Calculating distance per 1-sec interval for plot graph d vs t

[albodibran]

2 travelining in a straight line initial velocity is 14m/s, at a constant acceleration of 2.0m/s^2 to a velocity of 24 m/s

a) how much time to reach velocity of 24m/s

t= v-v0/a or 24-14/2= 5 seconds

b) distance covered by car in this process?

d=v0(t) + 1/2(at^2) or (14)(5)+1/2(2)(5^2)= 70m+25m= 95m

c) compute values of the distance traveled at 1-sec intercals and carefully draw a graph of distance plotted against time for this motion?
c is the only one throwing me off

the problem doesn't say it is constant but this is the approach I took to form a graph plot

so then distance per second would be 19 m?
by taking distance/time 95m/5s
so at each second interval it would be like this t graph?

t-0 d-0
t-1 d-19
t-2 d- 38

so on and so forth?
I mean it doesn't say its constant acceleration so idk if what I did was right for c

 

[berkeman]

2 travelining in a straight line initial velocity is 14m/s, at a constant acceleration of 2.0m/s^2 to a velocity of 24 m/s

a) how much time to reach velocity of 24m/s

t= v-v0/a or 24-14/2= 5 seconds

b) distance covered by car in this process?
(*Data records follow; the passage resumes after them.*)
(* Let $q=2^n$, let $B$ be a $k$-subset of $\mathrm{GF}(q)$ with $k\ge 3$, and let $\mathcal B=\mathrm{GA}_1(q)(B)$. For pairwise distinct $u_1,u_2,u_3\in\mathrm{GF}(q)$ define $I_B(u_1,u_2,u_3)=|\{(x,y)\in\mathrm{GF}(q)^2: u_ix+y\in B\ (i=1,2,3)\}|$. Then $(\mathrm{GF}(q),\mathcal B)$ is a $3$-design if and only if $I_B(u_1,u_2,u_3)$ is independent of the specific choice of the pairwise distinct elements $u_1,u_2,u_3$.
   Context: $\mathrm{GA}_1(q)$ is the group of permutations $\pi_{a,b}(x)=ax+b$ of $\mathrm{GF}(q)$ with $(a,b)\in\mathrm{GF}(q)^*\times\mathrm{GF}(q)$; for $B\subseteq\mathrm{GF}(q)$, $\mathrm{GA}_1(q)(B)=\{\pi(B):\pi\in\mathrm{GA}_1(q)\}$ is the orbit of $B$ (a set of $k$-subsets). A pair $(\mathcal P,\mathcal B)$ with $\mathcal B$ a set of $k$-subsets of $\mathcal P$ is a $3$-design if every $3$-subset of $\mathcal P$ is contained in exactly $\lambda$ members of $\mathcal B$, for some constant $\lambda$. *)

From HB Require Import structures.
From mathcomp Require Import all_boot all_order all_algebra all_field.
Set Implicit Arguments. Unset Strict Implicit. Unset Printing Implicit Defensive.
Import GRing.Theory.
Local Open Scope ring_scope.

Definition affine_map (F : finFieldType) (a b : F) (x : F) : F := a * x + b.

Definition GA1_orbit (F : finFieldType) (B : {set F}) : {set {set F}} :=
  [set (affine_map ab.1 ab.2) @: B | ab in [set ab : F * F | ab.1 != 0]].

Definition is_3design (T : finType) (k : nat) (Bs : {set {set T}}) : Prop :=
  (forall Bl, Bl \in Bs -> #|Bl| = k) /\
  exists lam : nat, forall S : {set T}, #|S| = 3 ->
    #|[set Bl in Bs | S \subset Bl]| = lam.

Definition I_B (F : finFieldType) (B : {set F}) (u1 u2 u3 : F) : nat :=
  #|[set xy : F * F | [&& u1 * xy.1 + xy.2 \in B, u2 * xy.1 + xy.2 \in B
                        & u3 * xy.1 + xy.2 \in B]]|.

From HB Require Import structures.
From mathcomp Require Import all_boot all_order all_algebra all_field.
From mathcomp Require Import ring.
Set Implicit Arguments.
Unset Strict Implicit.
Unset Printing Implicit Defensive.
Import GRing.Theory.
Local Open Scope ring_scope.

(* The pairs (x, y) with x = 0 contribute |B| to I_B(u1, u2, u3); those with
   x <> 0 are exactly the inverses of the affine maps pi with {u1, u2, u3}
   inside pi(B).  Every block of the orbit equals pi(B) for exactly m maps pi,
   m > 0 being the order of the stabiliser of B, so
   I_B(u1, u2, u3) = |B| + m * #{blocks containing {u1, u2, u3}}.
   Neither the characteristic nor the bound k >= 3 plays a role: the
   equivalence holds for every block B of every finite field. *)

Lemma cards3P (T : finType) (A : {set T}) :
  reflect (exists x y z : T, [/\ x != y, x != z, y != z & A = [set x; y; z]])
          (#|A| == 3).
Proof.
apply: (iffP idP) => [A3 | [x [y [z [xy xz yz ->]]]]]; last first.
  by rewrite -setUA cardsU1 cards2 yz !inE negb_or xy xz.
have /card_gt0P [x xA] : (0 < #|A|)%N by rewrite (eqP A3).
have /cards2P [y [z [yz Ax]]] : #|A :\ x| == 2.
  by move: A3; rewrite (cardsD1 x) xA add1n eqSS.
have : (y \in A :\ x) && (z \in A :\ x) by rewrite Ax !inE !eqxx orbT.
rewrite !inE => /andP [/andP [yx _] /andP [zx _]].
exists x, y, z; split=> //; rewrite 1?eq_sym //.
by rewrite -setUA -Ax setD1K.
Qed.

Lemma card_preim_const_fibers (T U : finType) (f : T -> U) (A : {set T})
    (P : pred U) (m : nat) :
  (forall y, y \in f @: A -> #|[set x in A | f x == y]| = m) ->
  #|[set x in A | P (f x)]| = (#|[set y in f @: A | P y]| * m)%N.
Proof.
move=> fiberE; rewrite -!sum1dep_card big_distrl !big_mkcondr.
rewrite (partition_big_imset f A) /=; apply: eq_bigr => y /fiberE <-.
rewrite (eq_bigr (fun=> nat_of_bool (P y))) => [|x /andP [_ /eqP ->]] //.
by rewrite sum_nat_const cardsE mul1n; case: (P y); rewrite ?muln1 ?muln0.
Qed.

Section AffineGroup.

Variable F : finFieldType.

Definition affine_units : {set F * F} := [set s | s.1 != 0].
Definition affine_fun (s : F * F) : F -> F := affine_map s.1 s.2.
Definition affine_comp (s t : F * F) : F * F := (s.1 * t.1, s.1 * t.2 + s.2).
Definition affine_inv (s : F * F) : F * F := (s.1^-1, - (s.1^-1 * s.2)).

Lemma affine_fun_comp s t x :
  affine_fun (affine_comp s t) x = affine_fun s (affine_fun t x).
Proof. by rewrite /affine_fun /affine_map /=; ring. Qed.

Lemma affine_fun1 : affine_fun (1, 0) =1 id.
Proof. by move=> x; rewrite /affine_fun /affine_map /= mul1r addr0. Qed.

Lemma affine_unitsP s : reflect (s.1 != 0) (s \in affine_units).
Proof. by rewrite inE; apply: idP. Qed.

Lemma affine_comp_units s t :
  s \in affine_units -> t \in affine_units -> affine_comp s t \in affine_units.
Proof. by rewrite !inE /= mulf_eq0 => /negPf-> /negPf->. Qed.

Lemma affine_inv_units s : s \in affine_units -> affine_inv s \in affine_units.
Proof. by rewrite !inE invr_eq0. Qed.

Section Unit.

Variable s : F * F.
Hypothesis s_unit : s \in affine_units.

Let s1_neq0 : s.1 != 0. Proof. exact/affine_unitsP. Qed.

Lemma affine_funK : cancel (affine_fun s) (affine_fun (affine_inv s)).
Proof. by move=> x; rewrite /affine_fun /affine_map /=; field. Qed.

Lemma affine_fun_inj : injective (affine_fun s).
Proof. exact: can_inj affine_funK. Qed.

Lemma affine_invK : affine_inv (affine_inv s) = s.
Proof.
case: s s1_neq0 => a b /= a0; rewrite /affine_inv /= invrK.
by congr pair; field.
Qed.

Lemma affine_compVl : affine_comp (affine_inv s) s = (1, 0).
Proof. by rewrite /affine_comp /affine_inv /= mulVf // addrN. Qed.

Lemma affine_compKV t : affine_comp s (affine_comp (affine_inv s) t) = t.
Proof. by case: t => c d; rewrite /affine_comp /=; congr pair; field. Qed.

Lemma affine_comp_inj : injective (affine_comp s).
Proof.
move=> [c d] [c' d'] [] /(mulfI s1_neq0) -> /addIr /(mulfI s1_neq0) -> //.
Qed.

End Unit.

Lemma card_affine_units_inv (P : pred (F * F)) :
  #|[set p in affine_units | P (affine_inv p)]| =
  #|[set s in affine_units | P s]|.
Proof.
rewrite -(card_in_imset (f := affine_inv)); last first.
  move=> p q /setIdP [pu _] /setIdP [qu _] pq.
  by rewrite -(affine_invK pu) pq affine_invK.
apply: eq_card => s; rewrite [in RHS]inE.
apply/idP/andP => [/imsetP [p /setIdP [pu Pp] ->] | [su Ps]].
  by split; first exact: affine_inv_units.
by rewrite -(affine_invK su) imset_f // inE affine_inv_units // affine_invK.
Qed.

End AffineGroup.

Section Orbit.

Variables (F : finFieldType) (B : {set F}).

Definition affine_image (s : F * F) : {set F} := affine_fun s @: B.
Definition affine_stab : {set F * F} :=
  [set s in affine_units F | affine_image s == B].

Lemma GA1_orbitE : GA1_orbit B = affine_image @: affine_units F.
Proof. by []. Qed.

Lemma affine_image_comp s t :
  affine_image (affine_comp s t) = affine_fun s @: affine_image t.
Proof.
by rewrite /affine_image -imset_comp; apply: eq_imset; exact: affine_fun_comp.
Qed.

Lemma card_affine_image s : s \in affine_units F -> #|affine_image s| = #|B|.
Proof. by move=> su; rewrite card_imset //; exact: affine_fun_inj. Qed.

Lemma affine_image1 : affine_image (1, 0) = B.
Proof. by rewrite -[RHS]imset_id; apply: eq_imset; exact: affine_fun1. Qed.

Lemma affine_stab_gt0 : (0 < #|affine_stab|)%N.
Proof.
by apply/card_gt0P; exists (1, 0); rewrite !inE oner_neq0 affine_image1 eqxx.
Qed.

Lemma affine_fiberE t : t \in affine_units F ->
  [set s in affine_units F | affine_image s == affine_image t] =
  affine_comp t @: affine_stab.
Proof.
move=> tu; apply/setP => s; apply/setIdP/imsetP => [[su /eqP st] | [r]].
  exists (affine_comp (affine_inv t) s); last by rewrite affine_compKV.
  apply/setIdP; split; first by rewrite affine_comp_units ?affine_inv_units.
  rewrite affine_image_comp st -affine_image_comp affine_compVl //.
  by rewrite affine_image1.
case/setIdP => ru /eqP rB ->; split; first exact: affine_comp_units.
by rewrite affine_image_comp rB.
Qed.

Lemma card_affine_fiber t : t \in affine_units F ->
  #|[set s in affine_units F | affine_image s == affine_image t]| =
  #|affine_stab|.
Proof.
by move=> tu; rewrite affine_fiberE // card_imset //; exact: affine_comp_inj.
Qed.

Lemma card_blocks_cover (S : {set F}) :
  #|[set s in affine_units F | S \subset affine_image s]| =
  (#|[set Bl in GA1_orbit B | S \subset Bl]| * #|affine_stab|)%N.
Proof.
rewrite GA1_orbitE; apply: card_preim_const_fibers => _ /imsetP [t tu ->].
exact: card_affine_fiber.
Qed.

Lemma mem_affine_image_inv p u : p \in affine_units F ->
  (u \in affine_image (affine_inv p)) = (affine_fun p u \in B).
Proof.
move=> pu; rewrite /affine_image -{1}(affine_funK pu u) mem_imset //.
exact/affine_fun_inj/affine_inv_units.
Qed.

Lemma I_B_affine_count u1 u2 u3 :
  I_B B u1 u2 u3 =
  (#|B| +
   #|[set s in affine_units F | [set u1; u2; u3] \subset affine_image s]|)%N.
Proof.
rewrite /I_B -(cardsID [set xy : F * F | xy.1 == 0]); congr addn.
  have pair0_inj : injective (fun y : F => (0 : F, y)) by move=> y y' [].
  rewrite -(card_imset B pair0_inj); apply: eq_card => -[x y]; rewrite !inE /=.
  case: (eqVneq x 0) => [-> | x0]; last first.
    rewrite andbF; apply/esym/imsetP => -[y0 _ [x0E _]].
    by rewrite x0E eqxx in x0.
  by rewrite !mulr0 !add0r !andbb andbT (mem_imset _ _ pair0_inj).
rewrite -card_affine_units_inv; apply: eq_card => -[x y]; rewrite !inE /=.
case: (eqVneq x 0) => //= x0.
rewrite !subUset !sub1set !mem_affine_image_inv ?inE // -andbA.
by rewrite /affine_fun /affine_map /= ![x * _]mulrC.
Qed.

Lemma I_B_blocks u1 u2 u3 :
  I_B B u1 u2 u3 =
  (#|B| + #|[set Bl in GA1_orbit B | [set u1; u2; u3] \subset Bl]|
          * #|affine_stab|)%N.
Proof. by rewrite I_B_affine_count card_blocks_cover. Qed.

End Orbit.

Theorem lemma7 (F : finFieldType) (n : nat) (hq : #|F| = (2 ^ n)%N)
  (B : {set F}) (k : nat) (hB : #|B| = k) (hk : (3 <= k)%N) :
  is_3design k (GA1_orbit B) <->
  exists c : nat, forall u1 u2 u3 : F,
    u1 != u2 -> u1 != u3 -> u2 != u3 -> I_B B u1 u2 u3 = c.
Proof.
have stab_gt0 := affine_stab_gt0 B.
split=> [[_ [lam lamE]] | [c cE]].
  exists (k + lam * #|affine_stab B|)%N => u1 u2 u3 u12 u13 u23.
  by rewrite I_B_blocks hB lamE //; apply/eqP/cards3P; exists u1, u2, u3.
split=> [_ /imsetP [s su ->] | ]; first by rewrite card_affine_image.
exists ((c - k) %/ #|affine_stab B|)%N.
move=> S /eqP /cards3P [u1 [u2 [u3 [u12 u13 u23 ->]]]].
by rewrite -(cE u1 u2 u3 u12 u13 u23) I_B_blocks hB addKn mulnK.
Qed.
d=v0(t) + 1/2(at^2) or (14)(5)+1/2(2)(5^2)= 70m+25m= 95m

c) compute values of the distance traveled at 1-sec intercals and carefully draw a graph of distance plotted against time for this motion?
c is the only one throwing me off

the problem doesn't say it is constant but this is the approach I took to form a graph plot

so then distance per second would be 19 m?
by taking distance/time 95m/5s
so at each second interval it would be like this t graph?

t-0 d-0
t-1 d-19
t-2 d- 38

so on and so forth?
I mean it doesn't say its constant acceleration so idk if what I did was right for c

On a), I don't think you used the equation correctly. Start with the equation for velocity and carefully apply your numbers...

$$v(t) = v_0 + at$$